A Polícia Civil de Alagoas concluiu que as mortes dos policiais civis Yago Gomes Pereira, 33, e Denivaldo Jardel Lira Moraes, 47, ocorridas na madrugada do dia 20 de maio deste ano, em Delmiro Gouveia, foram cometidas pelo também policial civil Gildate Góes Moraes. Ele foi indiciado por homicídio qualificado pela impossibilidade de defesa das vítimas.
O resultado do inquérito foi divulgado à imprensa no começo da tarde desta quarta-feira (17). Os trabalhos foram conduzidos pela comissão formada pelos delegados Sidney Walston Tenório de Araújo, Flávio Dutra de Melo e Leandro Martins da Silva.
Baseada nas perícias balísticas e nos exames realizados no veículo onde ocorreram os crimes, a investigação concluiu que Gildate teria primeiro disparado contra a nuca de Denivaldo. Na sequência, Yago ainda teria tentado se defender, utilizando as mãos, mas também foi baleado, na têmpora.
Ambos morreram no local.
Ainda conforme a PC, as quebras de sigilos telefônicos e telemáticos realizadas durante a investigação não identificaram elementos indicativos de premeditação, levando a comissão a concluir “que os homicídios decorreram de uma situação momentânea ocorrida no interior do veículo, sem evidências de motivação prévia para o crime”.
Com base em testemunhos e exames realizados, as investigações concluíram, ainda que o trio consumiu bastante bebida alcóolica. Já os exames toxicológicos descartaram o uso de drogas ilícitas ou de medicamentos de uso controlado pelos três policiais.

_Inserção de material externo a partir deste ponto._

(* Let $n\ge 1$ and let $m\in\{3,5,6\}$ or $m=2^k$ for some integer $k\ge 2$. Then the grid graph $P_m\times P_n$ is odd prime.
   Context: All graphs are finite and simple. A graph $G$ of order $N$ is odd prime if there is a bijection $\ell:V(G)\to\{1,3,\ldots,2N-1\}$ with $\gcd(\ell(u),\ell(v))=1$ for every edge $uv$. $P_r$ denotes the path on $r$ vertices, and the grid graph $P_m\times P_n$ is the Cartesian product of $P_m$ and $P_n$: vertices $(a,b)$ with $1\le a\le m$, $1\le b\le n$, two vertices adjacent when they agree in one coordinate and differ by $1$ in the other. *)

From mathcomp Require Import all_boot.
Set Implicit Arguments. Unset Strict Implicit. Unset Printing Implicit Defensive.

(* Odd prime labeling: a bijection l : V -> {1,3,...,2N-1} (N = #|V|)
   such that gcd(l u, l v) = 1 for every edge uv. *)
Definition odd_prime (T : finType) (e : rel T) : Prop :=
  exists l : T -> nat,
    injective l /\
    (forall v, odd (l v) /\ l v < 2 * #|T|) /\
    (forall u v, e u v -> coprime (l u) (l v)).

Definition grid_adj (m n : nat) : rel ('I_m * 'I_n) :=
  fun x y =>
    ((x.1 == y.1) && ((x.2.+1 == y.2 :> nat) || (y.2.+1 == x.2 :> nat))) ||
    ((x.2 == y.2) && ((x.1.+1 == y.1 :> nat) || (y.1.+1 == x.1 :> nat))).
Arguments grid_adj : clear implicits.

From mathcomp Require Import all_boot.
From mathcomp Require Import zify.

Set Implicit Arguments.
Unset Strict Implicit.
Unset Printing Implicit Defensive.

(* Label the vertex (a, b) of P_m x P_n by 2 (m b + f_(b mod p)(a)) + 1, where
   f_0, ..., f_(p-1) are permutations of {0, ..., m-1}; these labels are exactly
   the odd numbers below 2mn.  Two odd numbers differing by a power of two are
   coprime, so the labeling is odd prime as soon as consecutive entries of each
   f_r differ by a power of two and m + f_(r+1)(a) - f_r(a) is a power of two.
   For m = 2^k the identity (p = 1) works, for m = 3, 5, 6 explicit tables do. *)

Definition pow2_step (u v : nat) : Prop := exists j, v = u + 2 ^ j.

Definition pow2_apart (u v : nat) : Prop := pow2_step u v \/ pow2_step v u.

Lemma coprime_addX2 x j : odd x -> coprime x (x + 2 ^ j).
Proof. by move=> x_odd; rewrite /coprime gcdnDl -/(coprime _ _) coprimeXr ?coprimen2. Qed.

Lemma pow2_apart_coprime u v : pow2_apart u v -> coprime u.*2.+1 v.*2.+1.
Proof.
have step_coprime x y : pow2_step x y -> coprime x.*2.+1 y.*2.+1.
  case=> j ->; have -> : (x + 2 ^ j).*2.+1 = x.*2.+1 + 2 ^ j.+1 by rewrite expnS; lia.
  by rewrite coprime_addX2 //= odd_double.
by case=> /step_coprime //; rewrite coprime_sym.
Qed.

Section GridLabeling.

Variables (m p : nat) (f : nat -> nat -> nat).
Hypothesis p_gt0 : 0 < p.
Hypothesis f_lt : forall r a, r < p -> a < m -> f r a < m.
Hypothesis f_inj : forall r a a', r < p -> a < m -> a' < m -> f r a = f r a' -> a = a'.
Hypothesis f_row : forall r a, r < p -> a.+1 < m -> pow2_apart (f r a) (f r a.+1).
Hypothesis f_col : forall r a, r < p -> a < m -> pow2_step (f r a) (m + f (r.+1 %% p) a).

Let pos b a := m * b + f (b %% p) a.

Lemma grid_pos_lt n b a : b < n -> a < m -> pos b a < m * n.
Proof.
move=> b_lt a_lt; have := f_lt (ltn_pmod b p_gt0) a_lt.
have : m * b.+1 <= m * n by rewrite leq_mul2l b_lt orbT.
rewrite /pos mulnS; lia.
Qed.

Lemma grid_pos_inj b b' a a' : a < m -> a' < m -> pos b a = pos b' a' -> b = b' /\ a = a'.
Proof.
move=> a_lt a'_lt eq_pos.
have m_gt0 : 0 < m by case: m a_lt.
have eq_b : b = b'.
  move/(congr1 (divn^~ m)): eq_pos; rewrite /pos !(mulnC m) !divnMDl //.
  by rewrite !divn_small ?addn0 ?f_lt ?ltn_pmod.
move: eq_pos; rewrite /pos -eq_b => /addnI eq_f.
by split; last exact: f_inj (ltn_pmod b p_gt0) a_lt a'_lt eq_f.
Qed.

Lemma grid_pos_row b a : a.+1 < m -> pow2_apart (pos b a) (pos b a.+1).
Proof.
move=> a_lt; case: (f_row (ltn_pmod b p_gt0) a_lt) => -[j eq_j]; [left | right];
  by exists j; rewrite /pos eq_j addnA.
Qed.

Lemma grid_pos_col b a : a < m -> pow2_step (pos b a) (pos b.+1 a).
Proof.
move=> a_lt; have [j eq_j] := f_col (ltn_pmod b p_gt0) a_lt.
have mod_succ : b.+1 %% p = (b %% p).+1 %% p by rewrite -addn1 -modnDml addn1.
exists j; rewrite /pos mod_succ mulnS; lia.
Qed.

Theorem grid_odd_prime n : odd_prime (grid_adj m n).
Proof.
exists (fun x : 'I_m * 'I_n => (pos x.2 x.1).*2.+1); split; [|split].
- move=> [a b] [a' b'] /= /succn_inj /double_inj /grid_pos_inj[] // eq_b eq_a.
  by congr pair; apply: val_inj.
- move=> [a b] /=; rewrite odd_double card_prod !card_ord mul2n ltn_Sdouble.
  by split; last exact: grid_pos_lt.
move=> [a b] [a' b']; rewrite /grid_adj /=.
case/orP=> /andP[/eqP eq_ab /orP[] /eqP adj]; apply: pow2_apart_coprime.
- by rewrite -eq_ab -adj; left; apply: grid_pos_col.
- by rewrite -eq_ab -adj; right; apply: grid_pos_col.
- by rewrite -eq_ab -adj; apply: grid_pos_row; rewrite adj.
- by rewrite -eq_ab -adj /pow2_apart or_comm; apply: grid_pos_row; rewrite adj.
Qed.

End GridLabeling.

Lemma pow2_grid_odd_prime k n : odd_prime (grid_adj (2 ^ k) n).
Proof.
apply: (@grid_odd_prime _ 1 (fun _ a => a)) => //.
- by move=> r a _ _; left; exists 0; rewrite addn1.
- by move=> r a _ _; exists k; rewrite addnC.
Qed.

Lemma cycle_nth (T : Type) (e : rel T) x0 s i : cycle e s -> i < size s ->
  e (nth x0 s i) (nth x0 s (i.+1 %% size s)).
Proof.
rewrite (cycle_path x0) => /(pathP x0) e_s i_lt.
have [i_last | i_lt'] := eqVneq i.+1 (size s).
  have -> : i = (size s).-1 by rewrite -i_last.
  rewrite prednK ?modnn ?nth_last; last by rewrite -i_last.
  by apply: (e_s 0); rewrite -i_last.
have succ_i_lt : i.+1 < size s by rewrite ltn_neqAle i_lt' i_lt.
by rewrite modn_small //; apply: (e_s i.+1).
Qed.

Lemma all2_nth (S T : Type) (r : S -> T -> bool) x0 y0 s t i :
  all2 r s t -> i < size s -> r (nth x0 s i) (nth y0 t i).
Proof. by elim: s t i => [|x s IHs] [|y t] [|i] //= /andP[// _ /IHs]; apply. Qed.

Definition pow2_stepb (u v : nat) : bool := has (fun j => v == u + 2 ^ j) (iota 0 v.+1).

Lemma pow2_stepP u v : reflect (pow2_step u v) (pow2_stepb u v).
Proof.
apply: (iffP hasP) => [[j _ /eqP ->] | [j ->]]; first by exists j.
exists j => //; rewrite mem_iota ltnS (leq_trans (ltnW (ltn_expl j (ltnSn 1)))) //.
exact: leq_addl.
Qed.

Definition pow2_apartb (u v : nat) : bool := pow2_stepb u v || pow2_stepb v u.

Lemma pow2_apartP u v : reflect (pow2_apart u v) (pow2_apartb u v).
Proof. by apply: (iffP orP) => -[] /pow2_stepP; [left | right | left | right]. Qed.

(* The rows of [T] are the permutations f_0, ..., f_(p-1), read cyclically. *)
Definition grid_table (m : nat) (T : seq (seq nat)) : bool :=
  [&& T != [::], all (perm_eq^~ (iota 0 m)) T, all (sorted pow2_apartb) T &
      cycle (all2 (fun u v => pow2_stepb u (m + v))) T].

Lemma grid_table_odd_prime m T n : grid_table m T -> odd_prime (grid_adj m n).
Proof.
case/and4P=> T_nnil /allP T_perm /allP T_sorted T_cycle.
set row := nth [::] T.
have row_perm r : r < size T -> perm_eq (row r) (iota 0 m).
  by move=> r_lt; apply/T_perm/mem_nth.
have size_row r : r < size T -> size (row r) = m.
  by move/row_perm/perm_size; rewrite size_iota.
apply: (@grid_odd_prime m (size T) (fun r => nth 0 (row r))).
- by rewrite lt0n size_eq0.
- move=> r a r_lt a_lt; have := mem_nth 0 (_ : a < size (row r)).
  by rewrite (perm_mem (row_perm r r_lt)) mem_iota size_row //; apply.
- move=> r a a' r_lt a_lt a'_lt /eqP; rewrite nth_uniq ?size_row //.
    by move/eqP.
  by rewrite (perm_uniq (row_perm r r_lt)) iota_uniq.
- move=> r a r_lt a_lt; apply/pow2_apartP.
  have /(sortedP 0) row_sorted := T_sorted _ (mem_nth [::] r_lt).
  by apply: row_sorted; rewrite size_row.
- move=> r a r_lt a_lt; apply/pow2_stepP.
  have /(all2_nth 0 0) rows_col := cycle_nth [::] T_cycle r_lt.
  by apply: rows_col; rewrite size_row.
Qed.

Theorem corollary3p11 (m n : nat) :
  1 <= n ->
  (m \in [:: 3; 5; 6]) \/ (exists k, 2 <= k /\ m = 2 ^ k) ->
  odd_prime (grid_adj m n).
Proof.
move=> _ [|[k [_ ->]]]; last exact: pow2_grid_odd_prime.
rewrite !inE => /or3P[] /eqP ->.
- by apply: (grid_table_odd_prime (T := [:: [:: 0; 1; 2]; [:: 1; 2; 0]; [:: 2; 0; 1]])).
- by apply: (grid_table_odd_prime (T := [:: [:: 0; 1; 3; 4; 2]; [:: 3; 4; 2; 0; 1];
    [:: 2; 0; 1; 3; 4]; [:: 1; 3; 4; 2; 0]; [:: 4; 2; 0; 1; 3]])).
- by apply: (grid_table_odd_prime (T := [:: [:: 0; 1; 3; 2; 4; 5]; [:: 2; 3; 5; 4; 0; 1];
    [:: 4; 5; 1; 0; 2; 3]])).
Qed.
(* Let $(X,d)$ be a compact doubling metric space with $\operatorname{diam}(X,d)=1/2$ and $\mathcal S$ a hyperbolic filling with parameters $a\ge\lambda\ge6$. Let $\rho:\mathcal S\to(0,\infty)$ satisfy (H1) and (H4) (with exponent $p$), and let $C\ge\eta_-^{-p}$. Let $k\ge0$ and let $\mu_k$ be a $(C,\pi)$-balanced probability mass function on $\mathcal S_k$. Then there exists a probability mass function $\mu_{k+1}$ on $\mathcal S_{k+1}$ such that: (1) the pair $(\mu_k,\mu_{k+1})$ is $(C,\pi)$-compatible; (2) $\mu_{k+1}$ is $(C,\pi)$-balanced; (3) there is a probability measure $\mu_{k,k+1}$ on $X\times X$ whose marginals (pushforwards under the two coordinate projections) are $\tilde\mu_k=\sum_{u\in\mathcal S_k}\mu_k(u)\delta_{\pi_1(u)}$ and $\tilde\mu_{k+1}=\sum_{v\in\mathcal S_{k+1}}\mu_{k+1}(v)\delta_{\pi_1(v)}$, and such that $\mu_{k,k+1}(\{(x_1,x_2)\in X\times X:d(x_1,x_2)\ge(1+2\lambda a^{-1})a^{-k}\})=0$.
   Context: Hyperbolic filling: $X_0\subset X_1\subset\cdots$ increasing, $X_n$ maximal $a^{-n}$-separated in $X$ ($X_0=\{x_0\}$); $\mathcal S_n=\{(x,n):x\in X_n\}$, $\mathcal S=\bigcup_n\mathcal S_n$, $\pi_1(x,n)=x$, $v_0=(x_0,0)$. Each $(x,n)$, $n\ge1$, has a fixed parent $(y,n-1)$ with $d(x,y)=\min_{z\in X_{n-1}}d(x,z)$; descendants iterate the child relation; $\mathcal D_n(v)$ = descendants of $v$ in $\mathcal S_n$; genealogy $g(v)=(v_0,\dots,v_k=v)$ with $v_i$ parent of $v_{i+1}$. $D_2$: graph distance for the graph with edges vertex–parent and horizontal edges between distinct $(x,n),(y,n)$ with $B(x,\lambda a^{-n})\cap B(y,\lambda a^{-n})\ne\emptyset$. $\delta_x$ is the Dirac mass at $x$. $\pi(v)=\prod_{w\in g(v)}\rho(w)$. (H1) $0<\eta_-\le\rho\le\eta_+<1$. (H4) $\sum_{w\in\mathcal D_n(v)}\pi(w)^p\le\pi(v)^p$ for all $v\in\mathcal S_m$, $n>m$. A function $f:\mathcal S_k\to(0,\infty)$ is $(C,\pi)$-balanced if $f(u)/\pi(u)^p\le C^2f(v)/\pi(v)^p$ for all $u,v\in\mathcal S_k$ with $D_2(u,v)=1$. A pair $f_0:\mathcal S_k\to(0,\infty)$, $f_1:\mathcal S_{k+1}\to(0,\infty)$ is $(C,\pi)$-compatible if $f_0(u)/\pi(u)^p\le f_1(v)/\pi(v)^p\le Cf_0(u)/\pi(u)^p$ whenever $u\in\mathcal S_k$ is the parent of $v\in\mathcal S_{k+1}$. *)

From HB Require Import structures.
From mathcomp Require Import all_boot all_order all_algebra.
From mathcomp Require Import reals exp.
From Stdlib Require List.
Set Implicit Arguments. Unset Strict Implicit. Unset Printing Implicit Defensive.
Import Order.TTheory GRing.Theory Num.Theory.
Local Open Scope ring_scope.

A comissão de delegados também representou pela prorrogação da prisão preventiva do investigado e encaminhou o inquérito ao Poder Judiciário e ao Ministério Público para as providências cabíveis.
Gildate Goes está preso preventivamente desde o dia do crime, 20 de maio. Em depoimento, ele alegou ter sofrido um “apagão” supostamente após consumir álcool som as vítimas, Yago Gomes Pereira, de 33 anos, e Denivaldo Jardel Lira Moraes, de 47 anos.